A life coach will help you clarify where you are now and meet you where you’re at. A good life coach will challenge you to review your limited beliefs, habits, mindset, life goals, dreams, vision, and purpose. I’ve used a life coach to help me land a promotion at work, start a business, stay disciplined to an nutrition program, uncover my strengths and my life purpose, make more money, and find love (still working on this one!).
4. You Develop Greater Self-Awareness
“As you become more clear about who you really are, you’ll be better able to decide what is best for you the first time around.” –Oprah Winfrey
Self-awareness leads to self-mastery and the ability to gain clarity with where you are in your life and recovery. A life coach will expose you to many tools to learn about your strengths and values. They can help you notice blind-spots and navigate obstacles that alone would be difficult if not impossible to see. A life coach will share, when it is appropriate, their own experiences and insights on a specific situation. A coach is an objective guide who will help you become aware of how you spend your time.
My life coach helped me to conceptualize what it would look like if I was to leave my job. She asked me questions and worked with me to uncover the pitfalls and roadblocks that could get in the way of my success. I would have missed the opportunity to overcome one of my biggest fears and live out my life’s purpose had I not worked with a life coach.
You don’t have to leave your job or start your own business to be fulfilled.
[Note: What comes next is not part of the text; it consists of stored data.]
(* With kappa = G/2 and r = sqrt B, a point has h q = r cos Phi, A = r sin Phi and
   K = r exp (kappa Phi).  The inequality cos d + kappa sin d <= exp (kappa d) for |d| <= PI
   exhibits K as the maximum of a family of linear functionals, so K is sublinear and
   positively homogeneous: {K <= 1} is convex, and since K is comparable with the Euclidean
   norm it is bounded, with boundary {K = 1}.
   On {K = 1} we have r = exp (- kappa Phi), so the half R^1 >= 0 of the indicatrix is the arc
   Phi |-> exp (- kappa Phi) (cos Phi / h, sin Phi - kappa cos Phi), |Phi| <= PI/2, whose
   curvature numerator (1 + kappa^2) exp (- 2 kappa Phi) / h is positive; the other half is its
   mirror image.  Running Phi along a triangle wave closes the curve, and precomposing with a
   phase whose second derivative at +-PI/2 is 2 kappa cancels the x-acceleration at the two
   junctions on the Z-axis, which makes the closed curve C^2. *)

(** * Polar form of K *)

Definition kappa (g : R) : R := fG g / 2.

Lemma Kfin_polar g P : Kfin g P = sqrt (fB g P) * exp (kappa g * fPhi g P).
Proof. unfold Kfin, fJ, kappa. do 3 f_equal. field. Qed.

Lemma Kfin_nonneg g P : 0 <= Kfin g P.
Proof. rewrite Kfin_polar. apply Rmult_le_pos; [apply sqrt_pos | left; apply exp_pos]. Qed.

Lemma Kfin_abs_fst g x y : Kfin g (Rabs x, y) = Kfin g (x, y).
Proof. unfold Kfin, fB, fJ, fPhi, fA, fq, fZ; cbn. now rewrite Rabs_Rabsolu. Qed.

Section Polar.
Variable g : R.
Hypothesis hg : -2 < g < 2.

Lemma fh_pos : 0 < fh g.
Proof. apply sqrt_lt_R0. nra. Qed.

Lemma half_g : g / 2 = kappa g * fh g.
Proof. pose proof fh_pos. unfold kappa, fG. field. lra. Qed.

Lemma fB_polar P : fB g P = fA g P ^ 2 + (fh g * fq P) ^ 2.
Proof.
  unfold fB, fA. rewrite Rpow_mult_distr. unfold fh. rewrite pow2_sqrt by nra. field.
Qed.

Lemma fPhi_polar P :
  -(PI/2) <= fPhi g P <= PI/2 /\
  fh g * fq P = sqrt (fB g P) * cos (fPhi g P) /\
  fA g P = sqrt (fB g P) * sin (fPhi g P).
Proof.
  pose proof fh_pos. pose proof PI_RGT_0. rewrite fB_polar. unfold fPhi.
  destruct (Rlt_dec 0 (fq P)) as [Hq | Hq].
  - set (z := fA g P / (fh g * fq P)).
    assert (Hz : 0 < sqrt (1 + z²)) by (apply sqrt_lt_R0; pose proof (Rle_0_sqr z); lra).
    assert (Hr : sqrt (fA g P ^ 2 + (fh g * fq P) ^ 2) = fh g * fq P * sqrt (1 + z²)).
    { rewrite <- (sqrt_square (fh g * fq P)) at 2 by nra.
      rewrite <- sqrt_mult by (nra || (pose proof (Rle_0_sqr z); lra)).
      f_equal. unfold z, Rsqr. field. lra. }
    pose proof (atan_bound z).
    rewrite Hr, cos_atan, sin_atan. repeat split; try lra.
    + field. lra.
    + unfold z at 2. field. repeat split; lra.
  - assert (Hq0 : fq P = 0) by (pose proof (Rabs_pos (fst P)); unfold fq in *; lra).
    assert (HA : fA g P = fZ P) by (unfold fA; rewrite Hq0; ring).
    rewrite Hq0, HA, Rmult_0_r, pow_i, Rplus_0_r by auto.
    rewrite <- (Rsqr_pow2 (fZ P)), sqrt_Rsqr_abs.
    destruct (Rlt_dec 0 (fZ P)).
    + rewrite cos_PI2, sin_PI2, Rabs_right by lra. repeat split; lra.
    + rewrite cos_neg, sin_neg, cos_PI2, sin_PI2, Rabs_left1 by lra. repeat split; lra.
Qed.

Lemma fPhi_unique P rho th : 0 < rho -> -(PI/2) <= th <= PI/2 ->
  fh g * fq P = rho * cos th -> fA g P = rho * sin th ->
  sqrt (fB g P) = rho /\ fPhi g P = th.
Proof.
  intros Hrho Hth Hc Hs.
  assert (Er : sqrt (fB g P) = rho).
  { rewrite fB_polar, Hc, Hs.
    replace ((rho * sin th) ^ 2 + (rho * cos th) ^ 2) with (rho * rho)
      by (transitivity (rho * rho * ((sin th)² + (cos th)²));
          [rewrite sin2_cos2; ring | unfold Rsqr; ring]).
    apply sqrt_square. lra. }
  split; [exact Er |].
  destruct (fPhi_polar P) as [HPhi [_ HA]]. rewrite Er, Hs in HA.
  rewrite <- (asin_sin (fPhi g P)), <- (asin_sin th) by lra. f_equal. nra.
Qed.

End Polar.

Lemma cos_add_mul_sin_le_exp k d : -PI <= d <= PI -> cos d + k * sin d <= exp (k * d).
Proof.
  intros Hd.
  set (f := fun d => exp (- (k * d)) * (cos d + k * sin d)).
  assert (Hf : forall x, is_derive f x (- (1 + k ^ 2) * exp (- (k * x)) * sin x))
    by (intros x; unfold f; auto_derive; [auto | ring]).
  destruct (MVT_gen f 0 d _ (fun x _ => Hf x)) as [c [Hc Hmvt]].
  { intros x _. apply continuity_pt_filterlim, (ex_derive_continuous f), (ex_intro _ _ (Hf x)). }
  assert (Hsc : 0 <= sin c * d).
  { destruct (Rle_dec 0 d).
    - rewrite Rmin_left, Rmax_right in Hc by lra.
      apply Rmult_le_pos; [apply sin_ge_0 |]; lra.
    - rewrite Rmin_right, Rmax_left in Hc by lra.
      pose proof (sin_ge_0 (- c) ltac:(lra) ltac:(lra)) as Hsin. rewrite sin_neg in Hsin. nra. }
  assert (Hfd : f d <= 1).
  { unfold f in Hmvt at 2. rewrite Rmult_0_r, Ropp_0, exp_0, cos_0, sin_0 in Hmvt.
    pose proof (exp_pos (- (k * c))). pose proof (pow2_ge_0 k).
    assert (0 <= (1 + k ^ 2) * exp (- (k * c)) * (sin c * d))
      by (apply Rmult_le_pos; [apply Rmult_le_pos |]; lra).
    nra. }
  unfold f in Hfd. rewrite exp_Ropp in Hfd.
  apply (Rmult_le_reg_l (/ exp (k * d))); [apply Rinv_0_lt_compat, exp_pos |].
  rewrite Rinv_l by apply Rgt_not_eq, exp_pos. exact Hfd.
Qed.

(** * Sublinearity of K and the unit ball *)

(* For s the sign of R^1 and a = Phi(R), the line [lin_minorant g s a = 1] supports {K <= 1} at
   R / K(R). *)
Definition lin_minorant (g s a : R) (P : R * R) : R :=
  exp (kappa g * a) *
  (s * fh g * (1 + kappa g ^ 2) * fst P * cos a + snd P * (kappa g * cos a + sin a)).

Lemma lin_minorant_add g s a x1 y1 x2 y2 :
  lin_minorant g s a (x1 + x2, y1 + y2) = lin_minorant g s a (x1, y1) + lin_minorant g s a (x2, y2).
Proof. unfold lin_minorant; cbn. ring. Qed.

Lemma lin_minorant_scal g s a l x y :
  lin_minorant g s a (l * x, l * y) = l * lin_minorant g s a (x, y).
Proof. unfold lin_minorant; cbn. ring. Qed.

Section Minorant.
Variable g : R.
Hypothesis hg : -2 < g < 2.

Lemma lin_minorant_polar s a P :
  lin_minorant g s a P =
  exp (kappa g * a) *
  ((1 + kappa g ^ 2) * fh g * cos a * (s * fst P - Rabs (fst P)) +
   sqrt (fB g P) * (cos (fPhi g P - a) + kappa g * sin (fPhi g P - a))).
Proof.
  destruct (fPhi_polar g hg P) as [_ [Hq HA]].
  unfold fq in Hq. unfold fA, fZ, fq in HA.
  assert (Hy : snd P = sqrt (fB g P) * sin (fPhi g P) - kappa g * (fh g * Rabs (fst P))).
  { rewrite <- HA. replace (/ 2 * g) with (g / 2) by field. rewrite (half_g g hg). ring. }
  assert (Hr : sqrt (fB g P) * (cos (fPhi g P - a) + kappa g * sin (fPhi g P - a)) =
    (1 + kappa g ^ 2) * cos a * (fh g * Rabs (fst P)) + snd P * (kappa g * cos a + sin a))
    by (rewrite Hy, cos_minus, sin_minus, Hq; ring).
  rewrite Hr. unfold lin_minorant. ring.
Qed.
Lemma synchronizing_word_ex : exists2 W : seq 'I_n, size W <= 3 * n - 1 &
  forall f, and_or_net G f -> synchronizes W f.
Proof.
have [w nosole [Zs [wZs lastZs uwZs]]] := sole_in_chain_ex sc no_pos v ncyc.
have [j [j' [jw j'w j'v nc]]] := incomparable_in_neighbours (has_in w) nosole.
set T := avoid_order G v; set A := upstream G v j.
exists (T ++ v :: A ++ w :: Zs ++ T).
  have sizeT : size T < n.
    apply: (uniq_size_ord (s := v :: T)).
    by rewrite /= mem_avoid_order eqxx avoid_order_uniq.
  have : size (A ++ w :: Zs) <= n.
    apply: uniq_size_ord; rewrite cat_uniq uwZs andbT filter_uniq ?avoid_order_uniq //.
    by apply/hasPn => t /(upstream_chain_disjoint wZs lastZs uwZs jw).
  by rewrite size_cat /= size_cat /= size_cat /= size_cat; lia.
move=> f [_ f_and_or]; have [s jws] := existsP jw; have [s' j'ws] := existsP j'w.
apply: (TvAwZsT_synchronizes f_and_or (switching_v sc no_pos fvs_v) _ has_in _ _ _ _ jws j'ws).
- exact: switching_arc.
- exact: mem_avoid_order.
- exact: avoid_order_fed.
- by rewrite mem_upstream eqxx.
- exact: upstream_fed.
- by rewrite inE mem_upstream connect0 andbT orbN.
- by rewrite inE mem_upstream negb_or j'v.
- exact: sole_in_path_fed.
- by rewrite -lastZs mem_last.
Qed.

End Construction.

Lemma fvs_singleton_of_tau_le1 n (G : signed_digraph n) :
  0 < n -> tau G <= 1 -> exists v, fvs G [set v].
Proof.
move=> n_gt0; rewrite /tau; case: ex_minnP => k + _ k_le1.
rewrite /tau_pred; case: excluded_middle_informative => // -[X [cardX fvsX]] _.
case: k cardX k_le1 => [|[|//]] cardX _.
  exists (Ordinal n_gt0) => c /fvsX; rewrite (cards0_eq cardX).
  by case/hasP=> a _; rewrite in_set0.
have /cards1P[v defX] : #|X| == 1 by rewrite cardX.
by exists v; rewrite -defX.
Qed.

Lemma source_synchronizes n (G : signed_digraph n) u :
  strongly_connected G -> (forall j, ~~ adj G j u) ->
  forall f, and_or_net G f -> synchronizes [:: u] f.
Proof.
move=> sc no_in f [_ f_and_or]; apply: const_synchronizes => t.
have -> : t = u.
  case/connectP: (sc t u) => s; case/lastP: s => [|s i] /=; first by move=> _ ->.
  by rewrite rcons_path last_rcons => /andP[_ +] ui; rewrite -ui (negPf (no_in _)).
apply: (const_propagate f_and_or (B := pred0) (L0 := [::])) => [// | L1 i L2 j s |].
  move=> defL /arc_adj; have : i \in [:: u] by rewrite defL mem_cat mem_head orbT.
  by rewrite inE => /eqP ->; rewrite (negPf (no_in j)).
by rewrite /= inE eqxx.
Qed.

Theorem proposition5 (n : nat) (G : signed_digraph n) :
  strongly_connected G -> no_positive_cycle G -> ~ is_cycle_digraph G ->
  tau G <= 1 ->
  exists w : seq 'I_n, size w = 3 * n - 1 /\
    forall f : BN n, and_or_net G f -> synchronizes w f.
Proof.
move=> sc no_pos ncyc tau_le1.
have [n0 | n_gt0] := posnP n.
  subst n; exists [::]; split => // f _.
  by exists [ffun=> false] => x; apply/ffunP => -[].
have [v fvs_v] := fvs_singleton_of_tau_le1 n_gt0 tau_le1.
suff [W sizeW syncW] : exists2 W : seq 'I_n, size W <= 3 * n - 1 &
    forall f, and_or_net G f -> synchronizes W f.
  exists (W ++ nseq (3 * n - 1 - size W) v); split; first by rewrite size_cat size_nseq subnKC.
  by move=> f /syncW /synchronizes_cat.
have [has_in | /forallPn[u /existsPn no_in]] := boolP [forall i, [exists j, adj G j i]].
  by apply: (synchronizing_word_ex (v := v)) => // i; apply/existsP; exact: (forallP has_in i).
by exists [:: u]; [rewrite /=; lia | exact: source_synchronizes].
Qed.
(* Let ρ_ABC extend ρ_AB.  Complete positivity makes the Choi matrix of F
   positive; splitting it into rank-one terms gives Kraus operators,
   F(M) = Σ_k K_k M K_k†, hence the Stinespring isometry
   V = Σ_k K_k ⊗ |k⟩ ⊗ 1_C from BC to B'EC.  Conjugating ρ_ABC by 1_A ⊗ V
   yields an extension of (id ⊗ F)(ρ_AB) with side system EC.
   R_ε(A|BC) is invariant under such isometries: the marginals on BC become
   V σ V†, and V† {V X V† ≤ 0} V = {X ≤ 0} because the spectral projection is
   a polynomial in its argument and V† (V X V†)^k V = X^k.  So every value in
   the supremum defining R̄_ε(A|B) occurs in the one defining R̄_ε(A|B'). *)

From HB Require Import structures.
From mathcomp Require Import all_boot all_order all_algebra.
From mathcomp Require Import complex.
From mathcomp Require Import classical_sets reals ereal exp.
From mathcomp Require Import sesquilinear spectral.
Set Implicit Arguments. Unset Strict Implicit. Unset Printing Implicit Defensive.
Import Order.TTheory GRing.Theory Num.Theory.
Local Open Scope ring_scope.

Section MatrixPolynomial.
Variable K : comNzRingType.

Definition mxeval n (p : {poly K}) (X : 'M[K]_n) : 'M[K]_n :=
  \sum_(i < size p) p`_i *: X ^+ i.

Lemma mxeval_diag n (p : {poly K}) (d : 'rV[K]_n) :
  mxeval p (diag_mx d) = diag_mx (\row_i p.[d 0 i]).
Proof.
have diagX k : diag_mx d ^+ k = diag_mx (\row_i d 0 i ^+ k).
  elim: k => [|k IHk]; first by apply/matrixP => i j; rewrite !mxE.
  rewrite exprS IHk -mulmxE mulmx_diag; congr diag_mx.
  by apply/rowP => i; rewrite !mxE exprS.
apply/matrixP => i j; rewrite /mxeval summxE !mxE horner_coef -sumrMnl.
by apply: eq_bigr => k _; rewrite diagX !mxE mulrnAr.
Qed.

Lemma mxeval_conj m n (W : 'M[K]_(m, n)) (W' : 'M[K]_(n, m)) (p : {poly K}) Y :
  W' *m W = 1%:M -> W' *m mxeval p (W *m Y *m W') *m W = mxeval p Y.
Proof.
move=> WW; have conjX k : W' *m (W *m Y *m W') ^+ k *m W = Y ^+ k.
  elim: k => [|k IHk]; first by rewrite !expr0 mulmx1 WW.
  by rewrite !exprS -!mulmxE -IHk !mulmxA WW mul1mx.
rewrite /mxeval mulmx_sumr mulmx_suml; apply: eq_bigr => i _.
by rewrite -scalemxAr -scalemxAl conjX.
Qed.

End MatrixPolynomial.

Lemma poly_interpolation (K : fieldType) (s : seq K) (f : K -> K) :
  exists p : {poly K}, {in s, forall x, p.[x] = f x}.
Proof.
elim: s => [|a s [p Hp]]; first by exists 0.
have [as_|as_N] := boolP (a \in s).
  by exists p => x; rewrite inE => /predU1P[->|]; apply: Hp.
pose r := \prod_(x <- s) ('X - x%:P).
have r_s x : x \in s -> r.[x] = 0 by move=> xs; apply/rootP; rewrite root_prod_XsubC.
have r_a : r.[a] != 0 by rewrite -/(root r a) root_prod_XsubC.
exists (p + ((f a - p.[a]) / r.[a]) *: r) => x; rewrite inE => /predU1P[->|xs].
  by rewrite hornerD hornerZ -mulrA mulVf // mulr1 addrC subrK.
by rewrite hornerD hornerZ (r_s x xs) mulr0 addr0 Hp.
Qed.

Lemma linear_matrix_sum_delta (K : comNzRingType) m n (F : 'M[K]_m -> 'M[K]_n)
    (M : 'M[K]_m) :
  linear F -> F M = \sum_i \sum_j M i j *: F (delta_mx i j).
Proof.
move=> FL.
pose Fl : {linear 'M[K]_m -> 'M[K]_n} := HB.pack F (GRing.isLinear.Build _ _ _ _ F FL).
have -> : F = Fl by [].
rewrite {1}(matrix_sum_delta M) linear_sum; apply: eq_bigr => i _.
by rewrite linear_sum; apply: eq_bigr => j _; rewrite linearZ.
Qed.

Lemma sum_eq_delta (T : pzSemiRingType) n (i : 'I_n) (f : 'I_n -> T) :
  \sum_j (i == j)%:R * f j = f i.
Proof.
rewrite (bigD1 i) //= eqxx mul1r big1 ?addr0 // => j.
by rewrite eq_sym => /negPf->; rewrite mul0r.
Qed.

Lemma untidxK m n (i : 'I_m) (j : 'I_n) : untidx (tidx i j) = (i, j).
Proof. by rewrite /untidx /tidx /mxvec_index cast_ordK enum_rankK. Qed.

Lemma tidxK m n (k : 'I_(m * n)) : tidx (untidx k).1 (untidx k).2 = k.
Proof. by rewrite /untidx /tidx /mxvec_index -surjective_pairing enum_valK cast_ordKV. Qed.

Lemma eq_tidx m n (i i' : 'I_m) (j j' : 'I_n) :
  (tidx i j == tidx i' j') = (i == i') && (j == j').
Proof.
apply/eqP/andP => [E|[/eqP-> /eqP->]//].
by have := congr1 (@untidx m n) E; rewrite !untidxK => -[-> ->].
Qed.

Lemma big_tidx (V : nmodType) m n (f : 'I_(m * n) -> V) :
  \sum_k f k = \sum_i \sum_j f (tidx i j).
Proof.
rewrite pair_bigA /= (reindex (fun p : 'I_m * 'I_n => tidx p.1 p.2)) //=.
exists (@untidx m n) => [p _|k _]; first by rewrite untidxK -surjective_pairing.
by rewrite tidxK.
Qed.

Section Quantum.
Variable R : realType.
Local Notation C := (R[i]).

Lemma adjE m n (M : 'M[C]_(m, n)) i j : adj M i j = (M j i)^*.
Proof. by rewrite !mxE. Qed.

Lemma adjK m n (M : 'M[C]_(m, n)) : adj (adj M) = M.
Proof. exact: trmxCK. Qed.

Lemma adjM m n p (A : 'M[C]_(m, n)) (B : 'M[C]_(n, p)) :
  adj (A *m B) = adj B *m adj A.
Proof. by rewrite /adj trmx_mul map_mxM. Qed.

Lemma adjB m n (A B : 'M[C]_(m, n)) : adj (A - B) = adj A - adj B.
Proof. by apply/matrixP => i j; rewrite !mxE rmorphB. Qed.

Lemma adjZ m n a (A : 'M[C]_(m, n)) : adj (a *: A) = a^* *: adj A.
Proof. by apply/matrixP => i j; rewrite !mxE rmorphM. Qed.

Lemma hermitian_normal n (X : 'M[C]_n) : adj X = X -> X \is normalmx.
Proof. by move=> XE; apply/normalmxP; rewrite -/(adj X) XE. Qed.

Lemma psd_conj m n (W : 'M[C]_(m, n)) (M : 'M[C]_n) :
  psd M -> psd (W *m M *m adj W).
Proof.
move=> [MH M_ge0]; split; first by rewrite !adjM adjK MH mulmxA.
by move=> v; rewrite !mulmxA -mulmxA -adjM; apply: M_ge0.
Qed.

Lemma psd_gram m n (u : 'M[C]_(m, n)) : psd (adj u *m u).
Proof.
split; first by rewrite adjM adjK.
move=> v; set w := v *m adj u.
have -> : v *m (adj u *m u) *m adj v = w *m adj w by rewrite adjM adjK !mulmxA.
by rewrite mxE; apply: sumr_ge0 => j _; rewrite adjE mul_conjC_ge0.
Qed.

Lemma mxtrace_conj m n (W : 'M[C]_(m, n)) (M : 'M[C]_n) :
  adj W *m W = 1%:M -> \tr (W *m M *m adj W) = \tr M.
Proof. by move=> WW; rewrite mxtrace_mulC mulmxA WW mul1mx. Qed.

Lemma nonpos_proj_mxeval n (X : 'M[C]_n) (q : {poly C}) :
  X \is normalmx ->
  (forall i, q.[spectral_diag X 0 i] = if spectral_diag X 0 i <= 0 then 1 else 0) ->
  nonpos_proj X = mxeval q X.
Proof.
move=> /orthomx_spectralP XE qE; rewrite /nonpos_proj.
set P := spectralmx X in XE *; set d := spectral_diag X in XE qE *.
have P_unit : P \in unitmx by exact: spectral_unit.
have := mxeval_conj (W := invmx P) q (diag_mx d) (mulmxV P_unit).
rewrite -XE mxeval_diag => qXE.
have -> : mxeval q X = invmx P *m (P *m mxeval q X *m invmx P) *m P.
  by rewrite !mulmxA mulVmx // mul1mx -mulmxA mulVmx // mulmx1.
by rewrite qXE; congr (_ *m diag_mx _ *m _); apply/rowP => i; rewrite !mxE qE.
Qed.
You can simply explore a new career or seek a promotion that aligns with your highest strengths and do work you’re passionate about.
5. A Life Coach Becomes a Champion for Your Hopes and Dreams
No matter what is happening in your world, a life coach will be there to remind you that you are resourceful and capable of greatness. Most have walked the walk and know that success is possible for you. One of my favorite reasons for working with a life coach is I have someone cheering for me. I think we all need someone in our corner who will help us celebrate our small victories.
It’s important to celebrate your daily wins, both big and small. It’s all about making consistent progress. A life coach is there to empower you every step of the way.
It’s time to start doing what you really want to do. If your job is sucking the life and energy out of you, it’s probably time to start looking at other options. A life coach can help during this critical transition.
Many life coaches will offer a free introductory session. You can schedule a call with one to see if they are a good fit.
If you’re looking for a life coach that specifically works with people with addiction, there are several options. A life coach is not a therapist. I would recommend a therapist if you are seeking help with past trauma and mental health concerns.